===== SUPPLIED MATERIAL

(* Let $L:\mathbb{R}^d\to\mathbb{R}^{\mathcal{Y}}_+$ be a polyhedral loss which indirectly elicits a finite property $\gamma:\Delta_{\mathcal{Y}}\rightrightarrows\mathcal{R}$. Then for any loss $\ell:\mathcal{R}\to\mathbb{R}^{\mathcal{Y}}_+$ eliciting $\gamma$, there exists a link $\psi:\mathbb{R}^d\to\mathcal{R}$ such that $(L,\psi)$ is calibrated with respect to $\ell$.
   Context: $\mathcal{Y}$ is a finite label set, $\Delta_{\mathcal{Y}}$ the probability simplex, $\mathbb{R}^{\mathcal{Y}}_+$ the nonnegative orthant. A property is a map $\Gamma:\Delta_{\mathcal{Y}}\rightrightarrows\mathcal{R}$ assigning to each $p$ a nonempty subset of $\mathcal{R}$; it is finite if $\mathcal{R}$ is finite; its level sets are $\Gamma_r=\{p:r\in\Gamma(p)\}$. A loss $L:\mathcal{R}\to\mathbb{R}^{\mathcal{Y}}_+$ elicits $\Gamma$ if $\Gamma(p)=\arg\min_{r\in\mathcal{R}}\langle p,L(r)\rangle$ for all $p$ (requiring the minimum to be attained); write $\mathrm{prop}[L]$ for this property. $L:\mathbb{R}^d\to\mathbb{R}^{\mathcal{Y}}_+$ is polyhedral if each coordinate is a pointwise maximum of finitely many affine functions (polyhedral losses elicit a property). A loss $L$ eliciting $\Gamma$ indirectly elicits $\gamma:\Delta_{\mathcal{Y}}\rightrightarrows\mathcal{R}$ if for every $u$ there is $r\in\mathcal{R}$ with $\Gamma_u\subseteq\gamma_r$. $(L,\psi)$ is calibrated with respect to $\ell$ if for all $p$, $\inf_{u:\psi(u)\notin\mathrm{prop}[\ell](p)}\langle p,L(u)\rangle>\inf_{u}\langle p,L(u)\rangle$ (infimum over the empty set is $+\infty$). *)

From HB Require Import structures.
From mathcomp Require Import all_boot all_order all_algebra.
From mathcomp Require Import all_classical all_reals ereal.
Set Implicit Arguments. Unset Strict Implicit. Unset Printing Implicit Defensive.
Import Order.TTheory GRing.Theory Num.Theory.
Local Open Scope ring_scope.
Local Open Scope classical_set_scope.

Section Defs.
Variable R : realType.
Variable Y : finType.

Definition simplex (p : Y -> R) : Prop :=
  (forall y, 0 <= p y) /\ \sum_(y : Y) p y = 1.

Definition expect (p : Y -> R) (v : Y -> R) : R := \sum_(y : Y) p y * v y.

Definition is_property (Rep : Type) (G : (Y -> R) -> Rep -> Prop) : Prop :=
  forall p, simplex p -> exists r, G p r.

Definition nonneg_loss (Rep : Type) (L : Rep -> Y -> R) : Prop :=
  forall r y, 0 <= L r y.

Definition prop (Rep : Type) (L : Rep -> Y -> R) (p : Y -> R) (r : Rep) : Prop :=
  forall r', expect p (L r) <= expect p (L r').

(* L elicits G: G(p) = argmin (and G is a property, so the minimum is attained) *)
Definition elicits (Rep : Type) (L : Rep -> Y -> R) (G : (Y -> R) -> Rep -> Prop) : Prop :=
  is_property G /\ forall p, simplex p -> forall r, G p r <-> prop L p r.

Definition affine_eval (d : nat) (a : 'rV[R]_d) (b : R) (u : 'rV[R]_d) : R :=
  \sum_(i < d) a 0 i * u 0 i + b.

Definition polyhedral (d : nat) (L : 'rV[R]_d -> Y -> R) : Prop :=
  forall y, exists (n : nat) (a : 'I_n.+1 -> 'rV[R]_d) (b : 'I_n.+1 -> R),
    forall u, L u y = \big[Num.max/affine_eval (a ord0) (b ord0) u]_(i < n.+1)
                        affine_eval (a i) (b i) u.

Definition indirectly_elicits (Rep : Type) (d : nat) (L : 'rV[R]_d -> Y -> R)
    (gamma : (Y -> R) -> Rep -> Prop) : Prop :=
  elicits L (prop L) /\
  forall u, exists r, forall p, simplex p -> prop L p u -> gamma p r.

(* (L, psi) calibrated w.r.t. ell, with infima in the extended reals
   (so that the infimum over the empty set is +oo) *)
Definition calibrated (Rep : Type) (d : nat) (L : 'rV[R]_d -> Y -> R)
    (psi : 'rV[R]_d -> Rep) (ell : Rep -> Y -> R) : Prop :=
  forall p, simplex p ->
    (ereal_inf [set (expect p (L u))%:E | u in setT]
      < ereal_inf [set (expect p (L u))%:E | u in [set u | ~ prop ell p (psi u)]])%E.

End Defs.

==========
===== SUPPLIED MATERIAL

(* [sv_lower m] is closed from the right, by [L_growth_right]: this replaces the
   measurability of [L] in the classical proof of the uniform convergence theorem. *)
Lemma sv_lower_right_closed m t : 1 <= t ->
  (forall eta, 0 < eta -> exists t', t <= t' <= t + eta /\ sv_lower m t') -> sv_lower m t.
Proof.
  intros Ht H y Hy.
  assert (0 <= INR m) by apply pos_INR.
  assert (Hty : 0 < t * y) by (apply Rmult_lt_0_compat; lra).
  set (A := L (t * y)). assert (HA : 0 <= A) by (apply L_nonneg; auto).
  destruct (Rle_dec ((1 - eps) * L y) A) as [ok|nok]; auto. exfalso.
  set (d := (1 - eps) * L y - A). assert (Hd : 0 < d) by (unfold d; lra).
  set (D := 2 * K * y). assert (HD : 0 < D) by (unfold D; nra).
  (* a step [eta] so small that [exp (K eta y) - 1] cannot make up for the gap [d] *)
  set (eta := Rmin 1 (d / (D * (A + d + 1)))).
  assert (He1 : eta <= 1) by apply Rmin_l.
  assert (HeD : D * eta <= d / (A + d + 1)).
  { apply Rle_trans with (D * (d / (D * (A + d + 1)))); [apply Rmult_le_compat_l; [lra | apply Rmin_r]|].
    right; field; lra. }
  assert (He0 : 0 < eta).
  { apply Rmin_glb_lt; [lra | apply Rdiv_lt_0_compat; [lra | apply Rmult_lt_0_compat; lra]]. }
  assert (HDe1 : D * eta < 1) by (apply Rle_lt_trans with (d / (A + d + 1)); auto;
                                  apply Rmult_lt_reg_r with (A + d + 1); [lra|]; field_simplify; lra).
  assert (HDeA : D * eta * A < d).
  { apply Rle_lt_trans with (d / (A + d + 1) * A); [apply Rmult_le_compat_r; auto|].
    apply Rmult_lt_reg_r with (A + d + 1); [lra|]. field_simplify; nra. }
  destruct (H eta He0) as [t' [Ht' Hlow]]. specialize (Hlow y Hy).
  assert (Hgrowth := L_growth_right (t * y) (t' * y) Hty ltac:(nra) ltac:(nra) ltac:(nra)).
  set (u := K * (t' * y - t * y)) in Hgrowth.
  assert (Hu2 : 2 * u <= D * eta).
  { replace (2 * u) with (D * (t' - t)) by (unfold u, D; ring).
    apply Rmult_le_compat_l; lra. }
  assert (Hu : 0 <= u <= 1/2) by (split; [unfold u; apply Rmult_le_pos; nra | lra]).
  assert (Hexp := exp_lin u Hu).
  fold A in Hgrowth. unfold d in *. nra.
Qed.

==========

→ WHAT IS NEEDED:
For every line of the records that has the word "gamma" in it, make a copy.

→ THE ANSWER:
(* Let $L:\mathbb{R}^d\to\mathbb{R}^{\mathcal{Y}}_+$ be a polyhedral loss which indirectly elicits a finite property $\gamma:\Delta_{\mathcal{Y}}\rightrightarrows\mathcal{R}$. Then for any loss $\ell:\mathcal{R}\to\mathbb{R}^{\mathcal{Y}}_+$ eliciting $\gamma$, there exists a link $\psi:\mathbb{R}^d\to\mathcal{R}$ such that $(L,\psi)$ is calibrated with respect to $\ell$.
   Context: $\mathcal{Y}$ is a finite label set, $\Delta_{\mathcal{Y}}$ the probability simplex, $\mathbb{R}^{\mathcal{Y}}_+$ the nonnegative orthant. A property is a map $\Gamma:\Delta_{\mathcal{Y}}\rightrightarrows\mathcal{R}$ assigning to each $p$ a nonempty subset of $\mathcal{R}$; it is finite if $\mathcal{R}$ is finite; its level sets are $\Gamma_r=\{p:r\in\Gamma(p)\}$. A loss $L:\mathcal{R}\to\mathbb{R}^{\mathcal{Y}}_+$ elicits $\Gamma$ if $\Gamma(p)=\arg\min_{r\in\mathcal{R}}\langle p,L(r)\rangle$ for all $p$ (requiring the minimum to be attained); write $\mathrm{prop}[L]$ for this property. $L:\mathbb{R}^d\to\mathbb{R}^{\mathcal{Y}}_+$ is polyhedral if each coordinate is a pointwise maximum of finitely many affine functions (polyhedral losses elicit a property). A loss $L$ eliciting $\Gamma$ indirectly elicits $\gamma:\Delta_{\mathcal{Y}}\rightrightarrows\mathcal{R}$ if for every $u$ there is $r\in\mathcal{R}$ with $\Gamma_u\subseteq\gamma_r$. $(L,\psi)$ is calibrated with respect to $\ell$ if for all $p$, $\inf_{u:\psi(u)\notin\mathrm{prop}[\ell](p)}\langle p,L(u)\rangle>\inf_{u}\langle p,L(u)\rangle$ (infimum over the empty set is $+\infty$). *)
    (gamma : (Y -> R) -> Rep -> Prop) : Prop :=
  forall u, exists r, forall p, simplex p -> prop L p u -> gamma p r.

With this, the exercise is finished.